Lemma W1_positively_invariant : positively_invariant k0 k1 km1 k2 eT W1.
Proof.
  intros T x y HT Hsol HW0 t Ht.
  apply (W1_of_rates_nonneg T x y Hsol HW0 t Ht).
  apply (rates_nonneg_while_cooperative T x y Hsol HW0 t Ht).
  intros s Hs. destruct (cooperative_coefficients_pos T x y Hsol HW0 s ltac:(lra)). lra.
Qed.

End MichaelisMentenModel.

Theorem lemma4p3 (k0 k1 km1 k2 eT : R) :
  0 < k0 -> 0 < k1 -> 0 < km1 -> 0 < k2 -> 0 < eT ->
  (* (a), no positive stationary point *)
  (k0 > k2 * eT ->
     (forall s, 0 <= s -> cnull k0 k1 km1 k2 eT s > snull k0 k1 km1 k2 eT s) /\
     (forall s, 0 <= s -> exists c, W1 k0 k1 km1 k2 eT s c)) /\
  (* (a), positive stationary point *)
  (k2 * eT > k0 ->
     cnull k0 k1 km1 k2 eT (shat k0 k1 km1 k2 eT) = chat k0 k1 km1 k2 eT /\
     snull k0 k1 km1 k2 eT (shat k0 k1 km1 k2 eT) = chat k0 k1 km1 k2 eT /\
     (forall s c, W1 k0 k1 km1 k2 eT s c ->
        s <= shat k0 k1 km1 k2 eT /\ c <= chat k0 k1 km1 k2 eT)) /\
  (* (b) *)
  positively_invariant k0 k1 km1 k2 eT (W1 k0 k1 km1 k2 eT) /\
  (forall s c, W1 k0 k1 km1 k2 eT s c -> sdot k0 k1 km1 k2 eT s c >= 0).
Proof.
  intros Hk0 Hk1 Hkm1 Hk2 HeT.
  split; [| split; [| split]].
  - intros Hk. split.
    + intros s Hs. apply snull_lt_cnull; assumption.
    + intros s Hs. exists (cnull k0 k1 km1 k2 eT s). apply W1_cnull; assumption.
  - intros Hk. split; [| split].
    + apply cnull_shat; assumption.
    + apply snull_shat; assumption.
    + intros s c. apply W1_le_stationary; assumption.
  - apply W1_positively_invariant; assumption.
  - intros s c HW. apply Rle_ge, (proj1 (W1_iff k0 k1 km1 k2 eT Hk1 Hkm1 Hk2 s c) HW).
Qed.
* * *
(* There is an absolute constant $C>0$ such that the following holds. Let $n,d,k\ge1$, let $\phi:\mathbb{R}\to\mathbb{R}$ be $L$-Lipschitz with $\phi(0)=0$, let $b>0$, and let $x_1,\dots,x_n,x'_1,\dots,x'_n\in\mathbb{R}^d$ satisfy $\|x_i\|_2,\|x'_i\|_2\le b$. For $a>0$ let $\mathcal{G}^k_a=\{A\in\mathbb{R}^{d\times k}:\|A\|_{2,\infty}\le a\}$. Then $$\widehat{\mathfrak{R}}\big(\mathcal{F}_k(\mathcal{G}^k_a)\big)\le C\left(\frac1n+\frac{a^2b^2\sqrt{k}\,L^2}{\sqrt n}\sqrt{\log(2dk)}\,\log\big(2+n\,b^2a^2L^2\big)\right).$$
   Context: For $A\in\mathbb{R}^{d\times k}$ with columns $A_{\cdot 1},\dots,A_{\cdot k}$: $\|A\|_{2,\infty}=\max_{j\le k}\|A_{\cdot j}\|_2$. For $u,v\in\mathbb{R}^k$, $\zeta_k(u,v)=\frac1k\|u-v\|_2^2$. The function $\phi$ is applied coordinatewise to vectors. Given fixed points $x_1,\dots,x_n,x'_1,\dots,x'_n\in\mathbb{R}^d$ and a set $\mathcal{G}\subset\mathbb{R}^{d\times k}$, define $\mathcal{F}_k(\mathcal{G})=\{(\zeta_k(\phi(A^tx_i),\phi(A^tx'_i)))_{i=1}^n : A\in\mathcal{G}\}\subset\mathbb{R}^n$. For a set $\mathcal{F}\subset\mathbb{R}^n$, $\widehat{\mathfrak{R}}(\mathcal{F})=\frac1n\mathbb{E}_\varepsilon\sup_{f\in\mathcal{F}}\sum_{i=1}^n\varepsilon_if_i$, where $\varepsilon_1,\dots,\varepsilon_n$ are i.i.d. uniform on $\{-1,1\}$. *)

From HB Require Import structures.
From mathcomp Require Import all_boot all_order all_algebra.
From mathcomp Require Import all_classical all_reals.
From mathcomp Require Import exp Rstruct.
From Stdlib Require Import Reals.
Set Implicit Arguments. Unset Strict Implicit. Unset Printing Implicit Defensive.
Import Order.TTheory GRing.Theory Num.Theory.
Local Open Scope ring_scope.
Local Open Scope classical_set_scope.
* * *
Your objective.
All lines of the entries containing the string "intros" must be shown in full.

Solution to this task.
  intros T x y HT Hsol HW0 t Ht.
  intros s Hs. destruct (cooperative_coefficients_pos T x y Hsol HW0 s ltac:(lra)). lra.
  intros Hk0 Hk1 Hkm1 Hk2 HeT.
  - intros Hk. split.
    + intros s Hs. apply snull_lt_cnull; assumption.
    + intros s Hs. exists (cnull k0 k1 km1 k2 eT s). apply W1_cnull; assumption.
  - intros Hk. split; [| split].
    + intros s c. apply W1_le_stationary; assumption.
  - intros s c HW. apply Rle_ge, (proj1 (W1_iff k0 k1 km1 k2 eT Hk1 Hkm1 Hk2 s c) HW).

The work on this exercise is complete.